What you need to do:
Check each line of the material below for "SSkip" and copy those where it appears.

Records to use:
-- Opening Marker --

(* Let $\vec v$ be a list of variables, $X,Y$ expectations, and let $S_C$ be the HeyVL encoding of the specification statement $[\vec v](X,Y)$, namely $S_C=\mathtt{assert}\ X;\ \mathtt{havoc}\ \vec v;\ \mathtt{validate};\ \mathtt{assume}\ Y$. Let $X',Y'$ be expectations. (1) If $S'$ is a minimal error-witnessing slice of $S_C$ w.r.t. $(X',Y')$ which contains $\mathtt{assert}\ X$, then $X'(\sigma')\not\le X(\sigma')$ for some state $\sigma'$. (2) If $S'$ is a verification-witnessing slice of $S_C$ w.r.t. $(X',Y')$ with $\models\{X'\}S'\{Y'\}$ which does not contain $\mathtt{assume}\ Y$, then $X'\preceq Y'$.
   Context: Expectations are functions from program states to $[0,\infty]$, ordered pointwise by $\preceq$. HeyVL verification pre-expectations: $\mathrm{vp}[S_1;S_2](Z)=\mathrm{vp}[S_1](\mathrm{vp}[S_2](Z))$; $\mathrm{vp}[\mathtt{assert}\ X](Z)=\min(X,Z)$; $\mathrm{vp}[\mathtt{havoc}\ \vec v](Z)$ is the pointwise infimum of $Z$ over all values of $\vec v$; $\mathrm{vp}[\mathtt{validate}](Z)$ is $\infty$ where $Z=\infty$ and $0$ elsewhere; $\mathrm{vp}[\mathtt{assume}\ Y](Z)$ is $\infty$ where $Y\le Z$ and $Z$ elsewhere; $\mathrm{vp}[\mathtt{skip}](Z)=Z$. Subprograms of $S_C$ are obtained by removing (replacing by $\mathtt{skip}$) some of its four statements. Write $\sigma\models\{A\}S\{B\}$ iff $A(\sigma)\le\mathrm{vp}[S](B)(\sigma)$ and $\models\{A\}S\{B\}$ iff this holds for all $\sigma$. A subprogram $P$ of $S$ is an error-witnessing slice w.r.t. $(A,B)$ if $\not\models\{A\}P\{B\}$ and every state $\sigma'$ with $\sigma'\not\models\{A\}P\{B\}$ satisfies $\sigma'\not\models\{A\}S\{B\}$; it is minimal if no proper subprogram of it is also such a slice. $P$ is a verification-witnessing slice w.r.t. $(A,B)$ if $\models\{A\}P\{B\}$ implies $\models\{A\}S\{B\}$. *)

From HB Require Import structures.
From mathcomp Require Import all_boot all_order all_algebra.
From mathcomp Require Import boolp classical_sets reals constructive_ereal ereal.
Set Implicit Arguments. Unset Strict Implicit. Unset Printing Implicit Defensive.
Import Order.TTheory GRing.Theory Num.Theory.
Local Open Scope classical_set_scope.
Local Open Scope ereal_scope.

Section HeyVL.
Variables (R : realType) (Var : eqType) (Val : Type).

Definition state := Var -> Val.
(* expectations: functions from states to \bar R (meant nonnegative) *)
Definition expect := state -> \bar R.

Definition nonneg_exp (X : expect) : Prop := forall s, 0 <= X s.

Definition exp_le (X Y : expect) : Prop := forall s, X s <= Y s.

Inductive stmt :=
| SAssert of expect
| SHavoc of seq Var
| SValidate
| SAssume of expect
| SSkip.

Definition havoc_set (vs : seq Var) (s : state) : set state :=
  [set s' | forall x, x \notin vs -> s' x = s x].

Definition vp_stmt (c : stmt) (Z : expect) : expect :=
  match c with
  | SAssert X => fun s => Order.min (X s) (Z s)
  | SHavoc vs => fun s => ereal_inf (Z @` havoc_set vs s)
  | SValidate => fun s => if Z s == +oo then +oo else 0
  | SAssume Y => fun s => if Y s <= Z s then +oo else Z s
  | SSkip => Z
  end.

Definition vp (P : seq stmt) (Z : expect) : expect := foldr vp_stmt Z P.

Definition holds_at (A : expect) (P : seq stmt) (B : expect) (s : state) : Prop :=
  A s <= vp P B s.

Definition valid (A : expect) (P : seq stmt) (B : expect) : Prop :=
  forall s, holds_at A P B s.

(* Subprograms of S_C: each of the four statements is kept (true) or
   replaced by skip (false). A mask is (assert, havoc, validate, assume). *)
Definition mask4 := (bool * bool * bool * bool)%type.

Definition keep (b : bool) (c : stmt) : stmt := if b then c else SSkip.

Definition SC_sub (m : mask4) (X : expect) (vs : seq Var) (Y : expect) : seq stmt :=
  let: (a, h, w, y) := m in
  [:: keep a (SAssert X); keep h (SHavoc vs); keep w SValidate; keep y (SAssume Y)].

Definition full_mask : mask4 := (true, true, true, true).

Definition SC (X : expect) (vs : seq Var) (Y : expect) : seq stmt :=
  SC_sub full_mask X vs Y.

Definition mask_le (m' m : mask4) : bool :=
  let: (a', h', w', y') := m' in
  let: (a, h, w, y) := m in
  [&& a' ==> a, h' ==> h, w' ==> w & y' ==> y].

Definition error_witnessing (P S : seq stmt) (A B : expect) : Prop :=
  ~ valid A P B /\
  forall s', ~ holds_at A P B s' -> ~ holds_at A S B s'.

Definition minimal_error_witnessing (m : mask4) (X : expect) (vs : seq Var)
    (Y A B : expect) : Prop :=
  error_witnessing (SC_sub m X vs Y) (SC X vs Y) A B /\
  forall m', mask_le m' m -> m' != m ->
    ~ error_witnessing (SC_sub m' X vs Y) (SC X vs Y) A B.

Definition verification_witnessing (P S : seq stmt) (A B : expect) : Prop :=
  valid A P B -> valid A S B.

Definition contains_assert (m : mask4) : bool := m.1.1.1.
Definition contains_assume (m : mask4) : bool := m.2.

End HeyVL.

(* Every statement of S_C other than [assume] can only lower its post-expectation:
   [assert] takes a minimum, [havoc] an infimum over a set containing the current
   state, and [validate] sends finite values to 0.  Hence a slice without
   [assume Y] that verifies {X'} _ {Y'} forces X' <= Y'.  Conversely, if X' <= X,
   then [assert X] never decides whether X' is below the pre-expectation, so
   dropping it yields a slice with exactly the same failing states, which
   contradicts minimality. *)
From HB Require Import structures.
From mathcomp Require Import all_boot all_order all_algebra.
From mathcomp Require Import boolp classical_sets reals constructive_ereal ereal.
Set Implicit Arguments.
Unset Strict Implicit.
Unset Printing Implicit Defensive.
Import Order.TTheory GRing.Theory Num.Theory.
Local Open Scope ereal_scope.

Section SpecificationSlices.
Variables (R : realType) (Var : eqType) (Val : Type).
Implicit Types (X Y Z A B : expect R Var Val) (P S : seq (stmt R Var Val)).

Lemma vp_assert_le X Z : exp_le (vp_stmt (SAssert X) Z) Z.
Proof. by move=> s; rewrite /= ge_min lexx orbT. Qed.

Lemma vp_havoc_le vs Z : exp_le (vp_stmt (SHavoc R Val vs) Z) Z.
Proof. by move=> s; apply: ereal_inf_lbound; exists s. Qed.

Lemma vp_validate_le Z : nonneg_exp Z -> exp_le (vp_stmt (SValidate R Var Val) Z) Z.
Proof. by move=> Z_ge0 s /=; case: eqP => [->|_]. Qed.

Lemma vp_keep_le b c Z : exp_le (vp_stmt c Z) Z -> exp_le (vp_stmt (keep b c) Z) Z.
Proof. by case: b => [|_ s]. Qed.

Lemma vp_SC_sub_no_assume_le a h w X vs Y Z :
  nonneg_exp Z -> exp_le (vp (SC_sub (a, h, w, false) X vs Y) Z) Z.
Proof.
move=> Z_ge0 s; rewrite /vp /=.
apply: le_trans (vp_keep_le a (vp_assert_le X _) s) _.
apply: le_trans (vp_keep_le h (vp_havoc_le vs _) s) _.
exact: (vp_keep_le w (vp_validate_le Z_ge0) s).
Qed.

Lemma valid_no_assume_le m X vs Y A B :
  nonneg_exp B -> valid A (SC_sub m X vs Y) B -> ~~ contains_assume m ->
  exp_le A B.
Proof.
case: m => [[[a h] w] []] // B_ge0 AB _.
by move=> s; apply: le_trans (AB s) (vp_SC_sub_no_assume_le _ _ _ _ _ _ B_ge0 s).
Qed.

Lemma holds_at_assert_skip A X P B s :
  A s <= X s -> holds_at A (SAssert X :: P) B s <-> holds_at A (SSkip R Var Val :: P) B s.
Proof. by move=> AX; rewrite /holds_at /= le_min AX. Qed.

Lemma error_witnessing_eq P P' S A B :
  (forall s, holds_at A P B s <-> holds_at A P' B s) ->
  error_witnessing P S A B -> error_witnessing P' S A B.
Proof.
move=> PP' [P_invalid P_fail]; split.
- by move=> P'_valid; apply: P_invalid => s; apply/PP'.
- by move=> s /(iffRLn (PP' s)); exact: P_fail.
Qed.

Lemma minimal_error_witnessing_assert m X vs Y A B :
  minimal_error_witnessing m X vs Y A B -> contains_assert m -> ~ exp_le A X.
Proof.
case: m => [[[[] h] w] y] // [ew minimal] _ AX.
apply: (minimal (false, h, w, y)) => //=; first by rewrite !implybb.
apply: error_witnessing_eq ew => s.
exact: holds_at_assert_skip (AX s).
Qed.

End SpecificationSlices.

Theorem theorem5 (R : realType) (Var : eqType) (Val : Type)
  (vs : seq Var) (X Y X' Y' : expect R Var Val) :
  nonneg_exp X -> nonneg_exp Y -> nonneg_exp X' -> nonneg_exp Y' ->
  (* (1) *)
  (forall m : mask4,
     minimal_error_witnessing m X vs Y X' Y' ->
     contains_assert m ->
     exists s', ~ (X' s' <= X s')) /\
  (* (2) *)
  (forall m : mask4,
     verification_witnessing (SC_sub m X vs Y) (SC X vs Y) X' Y' ->
     valid X' (SC_sub m X vs Y) Y' ->
     ~~ contains_assume m ->
     exp_le X' Y').
Proof.
move=> _ _ _ Y'_ge0; split.
- by move=> m ew assert_m; apply/existsNP; exact: minimal_error_witnessing_assert ew assert_m.
- by move=> m _; exact: valid_no_assume_le Y'_ge0.
Qed.
(* Let $b\ge 2$ be fixed and $N\ge 2$. Then \[ \int_0^1|\overleftarrow{S}_b(\alpha)|^2\,d\alpha\ll_b N\log N. \]
   Context: For a positive integer $n$ with $L$ digits in base $b$, $n=\sum_{0\leq i<L}\varepsilon_i(n)b^i$ ($\varepsilon_i(n)\in\{0,\dots,b-1\}$, $\varepsilon_{L-1}(n)\neq0$), its digital reverse is $\overleftarrow{n}=\sum_{0\leq i<L}\varepsilon_i(n)b^{L-1-i}$. With $e(x)=\exp(2\pi ix)$, \[ \overleftarrow{S}_b(\alpha)=\sum_{\substack{p\text{ prime},\ \overleftarrow{p}\leq N\\ (\overleftarrow{p},b^3-b)=1}}e(\overleftarrow{p}\alpha)\log p. \] *)

From HB Require Import structures.
From mathcomp Require Import all_boot all_order all_algebra.
From mathcomp Require Import all_classical all_reals all_analysis.
From mathcomp Require Import complex.
Set Implicit Arguments. Unset Strict Implicit. Unset Printing Implicit Defensive.
Import Order.TTheory GRing.Theory Num.Theory.
Local Open Scope ring_scope.

Definition digit (b i n : nat) : nat := (n %/ b ^ i) %% b.

(* number L of base-b digits of n > 0 (b >= 2): b^(L-1) <= n < b^L *)
Definition ndigits (b n : nat) : nat := (trunc_log b n).+1.

Definition drev (b n : nat) : nat :=
  (\sum_(i < ndigits b n) digit b i n * b ^ (ndigits b n - 1 - i))%N.

Definition ee (R : realType) (x : R) : R[i] :=
  Complex (cos (2 * pi * x)) (sin (2 * pi * x)).

(* The range p <= b*N is only a finite
   enumeration bound: every prime p with drev b p <= N satisfies p <= b*N
   (if b does not divide p then p < b^L <= b * drev p; otherwise p <= b). *)
Definition Srev (R : realType) (b N : nat) (alpha : R) : R[i] :=
  \sum_(p < (b * N).+1 | prime p && (drev b p <= N)%N
                          && coprime (drev b p) (b ^ 3 - b))
     ee (((drev b p)%:R * alpha)) * real_complex R (ln (p%:R : R)).
(* Let $G$ be a graph, let $k\ge 1$ and $d\ge 0$ be integers, and let $\mathcal M$ be a family of non-trivial vertex-disjoint paths in $G$ which is a size-minimum $(d,k)$-extension of itself. Then: (1) no path in $\mathcal M$ has length less than $2k-1$; and (2) for every two distinct paths $P_1,P_2\in\mathcal M$, every vertex $x$ in the $k$-end of $P_1$, every vertex $y$ in the $k$-end of $P_2$, every $a\in N(x)\setminus V(\mathcal M)$ and every $b\in N(y)\setminus V(\mathcal M)$, there is no $ab$-path of length at most $d$ in $G-V(\mathcal M)$.
   Context: A path is non-trivial if its length (number of edges) is at least $1$. For a family $\mathcal M$ of vertex-disjoint paths, $|\mathcal M|$ is the number of paths, $V(\mathcal M)$ the union of their vertex sets and $E(\mathcal M)$ the union of their edge sets. The $k$-end of a path is the set of (at most $2k$) vertices of the path at distance at most $k-1$ along the path from one of its two endpoints (endpoints included). Given a family $\mathcal M$ of non-trivial vertex-disjoint paths, a family $\mathcal M'$ of non-trivial vertex-disjoint paths is a $(d,k)$-extension of $\mathcal M$ if $\mu:=|\mathcal M|-|\mathcal M'|\ge 0$, $|E(\mathcal M)\setminus E(\mathcal M')|\le 2(k-1)\mu$ and $|E(\mathcal M')\setminus E(\mathcal M)|\le (d+2)\mu$. $\mathcal M'$ is a size-minimum $(d,k)$-extension of $\mathcal M$ if it is a $(d,k)$-extension of $\mathcal M$ and every $(d,k)$-extension $\mathcal M''$ of $\mathcal M$ satisfies $|\mathcal M''|\ge|\mathcal M'|$. $N(x)$ denotes the set of neighbors of $x$. *)

From mathcomp Require Import all_boot.
Set Implicit Arguments. Unset Strict Implicit. Unset Printing Implicit Defensive.

(* A (finite, simple) graph: vertex type T : finType, adjacency e : rel T,
   assumed symmetric and irreflexive in the theorem. *)

Section Defs.
Variables (T : finType) (e : rel T).

Definition gpath (p : seq T) : bool :=
  if p is x :: s then path e x s && uniq p else false.

Definition plen (p : seq T) : nat := (size p).-1.

Definition ntpath (p : seq T) : bool := gpath p && (1 <= plen p).

Definition pedges (p : seq T) : {set {set T}} :=
  [set [set xy.1; xy.2] | xy in zip p (behead p)].

Definition disjoint_pathfam (M : seq (seq T)) : bool :=
  all ntpath M && pairwise (fun p q => [disjoint p & q]) M.

Definition VM (M : seq (seq T)) : {set T} := [set x | has (fun p => x \in p) M].
Definition EM (M : seq (seq T)) : {set {set T}} := \bigcup_(p <- M) pedges p.

Definition extension (d k : nat) (M M' : seq (seq T)) : bool :=
  let mu := size M - size M' in
  [&& disjoint_pathfam M', size M' <= size M,
      #|EM M :\: EM M'| <= 2 * (k - 1) * mu &
      #|EM M' :\: EM M| <= (d + 2) * mu].
Lemma hermite_norm_S j : hermite_norm j = hermite_norm (S j) * sqrt (2 * INR (S j)).
Proof.
  unfold hermite_norm.
  assert (Hfact : 0 < 2 ^ j * INR (fact j)).
  { apply Rmult_lt_0_compat; [apply pow_lt; lra|apply lt_0_INR, lt_O_fact]. }
  assert (HS : 0 < 2 * INR (S j)) by (pose proof (lt_0_INR (S j) (Nat.lt_0_succ j)); lra).
  replace (2 ^ S j * INR (fact (S j))) with (2 * INR (S j) * (2 ^ j * INR (fact j)))
    by (rewrite fact_simpl, mult_INR; simpl; ring).
  rewrite (sqrt_mult_alt (2 * INR (S j))) by lra.
  assert (0 < Rpower PI (1/4)) by apply exp_pos.
  pose proof (sqrt_lt_R0 _ Hfact). pose proof (sqrt_lt_R0 _ HS).
  field. lra.
Qed.

Lemma hermite_norm_S_of_SS p :
  hermite_norm (S p) = 2 * hermite_norm (S (S p)) / sqrt (2 / INR (S (S p))).
Proof.
  set (b := INR (S (S p))). assert (Hb : 0 < b) by apply lt_0_INR, Nat.lt_0_succ.
  assert (Hs : sqrt (2 * b) * sqrt (2 / b) = 2).
  { rewrite <- sqrt_mult_alt by lra. replace (2 * b * (2 / b)) with (2 * 2) by (field; lra).
    apply sqrt_square. lra. }
  assert (0 < sqrt (2 / b)) by (apply sqrt_lt_R0, Rdiv_lt_0_compat; lra).
  rewrite hermite_norm_S. fold b.
  apply (Rmult_eq_reg_r (sqrt (2 / b))); [|lra].
  rewrite Rmult_assoc, Hs. field. lra.
Qed.

Lemma hermite_norm_of_SS p :
  hermite_norm p = 2 * INR (S p) * hermite_norm (S (S p)) / sqrt (INR (S p) / INR (S (S p))).
Proof.
  set (b := INR (S (S p))). set (c := INR (S p)).
  assert (Hb : 0 < b) by apply lt_0_INR, Nat.lt_0_succ.
  assert (Hc : 0 < c) by apply lt_0_INR, Nat.lt_0_succ.
  assert (Hs : sqrt (2 * b) * sqrt (2 * c) * sqrt (c / b) = 2 * c).
  { rewrite <- !sqrt_mult_alt by (try apply Rmult_le_pos; try apply sqrt_pos; lra).
    replace (2 * b * (2 * c) * (c / b)) with ((2 * c) * (2 * c)) by (field; lra).
    apply sqrt_square. lra. }
  assert (0 < sqrt (c / b)) by (apply sqrt_lt_R0, Rdiv_lt_0_compat; lra).
  rewrite (hermite_norm_S p), (hermite_norm_S (S p)). fold b c.
  apply (Rmult_eq_reg_r (sqrt (c / b))); [|lra].
  rewrite !Rmult_assoc, <- (Rmult_assoc (sqrt (2 * b))), Hs. field. lra.
Qed.

Definition moment m kr ki j : C := (cos_moment m kr ki j, sin_moment m kr ki j).

Lemma moment_recurrence m kr ki p : - (1/2) < m ->
  moment m kr ki (S (S p)) =
    (RtoC (2 / (2 * m + 1))
      * (RtoC ((1 - 2 * m) * INR (S p)) * moment m kr ki p
        + Ci * (kr, ki) * moment m kr ki (S p)))%C.
Proof.
  intro hm.
  pose proof (ladder_cos_moment m kr ki hm p) as Hc.
  pose proof (ladder_sin_moment m kr ki hm p) as Hs.
  unfold ladder in Hc, Hs. unfold moment, Cmult, Cplus, RtoC, Ci; cbn [fst snd].
  f_equal; apply (Rmult_eq_reg_l (2 * m + 1)); try lra; field_simplify; lra.
Qed.

Lemma hermite_coef_integrand m kr ki j x :
  ((RtoC (exp (- m * x ^ 2)) * cexp (Ci * (kr, ki) * RtoC x)) * RtoC (hermite_fun j x))%C
  = (hermite_norm j * cos_part m kr ki j x, hermite_norm j * sin_part m kr ki j x).
Proof.
  assert (Hexp : exp (- m * x ^ 2) * exp (- ki * x) * exp (- x ^ 2 / 2)
                 = exp (- (m + 1/2) * x ^ 2 + - ki * x)).
  { rewrite <- !exp_plus. f_equal. field. }
  unfold cos_part, sin_part, weighted_hermite, hermite_fun, hermite_norm.
  rewrite <- Hexp.
  unfold cexp, Cmult, RtoC, Ci, Re, Im; simpl.
  replace ((0 * kr - 1 * ki) * x - (0 * ki + 1 * kr) * 0) with (- ki * x) by ring.
  replace ((0 * kr - 1 * ki) * 0 + (0 * ki + 1 * kr) * x) with (kr * x) by ring.
  f_equal; ring.
Qed.

Lemma hermite_coef_moment m kr ki j : - (1/2) < m ->
  hermite_coef m (kr, ki) j = (RtoC (hermite_norm j) * moment m kr ki j)%C.
Proof.
  intro hm. unfold hermite_coef.
  apply (@is_RInt_gen_unique C_R_CompleteNormedModule);
    try apply Proper_StrongProper, Rbar_locally_filter.
  apply (is_RInt_gen_ext (fun x => (hermite_norm j * cos_part m kr ki j x,
                                    hermite_norm j * sin_part m kr ki j x))).
  { apply filter_forall. intros ab x _. symmetry. apply hermite_coef_integrand. }
  replace (RtoC (hermite_norm j) * moment m kr ki j)%C
    with (hermite_norm j * cos_moment m kr ki j, hermite_norm j * sin_moment m kr ki j)
    by (unfold moment, Cmult, RtoC; simpl; f_equal; ring).
  apply is_RInt_gen_pair; apply is_RInt_line_scal;
    [apply is_RInt_line_cos_part|apply is_RInt_line_sin_part]; exact hm.
Qed.

Theorem lemma2p1 (m : R) (k : C) (hm : - (1/2) < m) (n : nat) (hn : (1 <= n)%nat) :
  hermite_coef m k (S n) =
    ((RtoC (/ (2 * m + 1)) * Ci * k * RtoC (sqrt (2 / INR (S n))) * hermite_coef m k n)
     - (RtoC ((2 * m - 1) / (2 * m + 1)) * RtoC (sqrt (INR n / INR (S n)))
        * hermite_coef m k (n - 1)))%C.
Proof.
  destruct n as [|p]; [lia|]. replace (S p - 1)%nat with p by lia.
  destruct k as [kr ki].
  rewrite !hermite_coef_moment, moment_recurrence by exact hm.
  rewrite (hermite_norm_S_of_SS p), (hermite_norm_of_SS p).
  assert (0 < sqrt (2 / INR (S (S p)))).
  { apply sqrt_lt_R0, Rdiv_lt_0_compat; [lra|apply lt_0_INR; lia]. }
  assert (0 < sqrt (INR (S p) / INR (S (S p)))).
  { apply sqrt_lt_R0, Rdiv_lt_0_compat; apply lt_0_INR; lia. }
  destruct (moment m kr ki p) as [c0 s0], (moment m kr ki (S p)) as [c1 s1].
  unfold Cminus, Cmult, Cplus, Copp, RtoC, Ci; cbn [fst snd].
  f_equal; field; repeat split; lra.
Qed.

-- Closing Marker --

The completed task:
| SSkip.
  | SSkip => Z
Definition keep (b : bool) (c : stmt) : stmt := if b then c else SSkip.
  A s <= X s -> holds_at A (SAssert X :: P) B s <-> holds_at A (SSkip R Var Val :: P) B s.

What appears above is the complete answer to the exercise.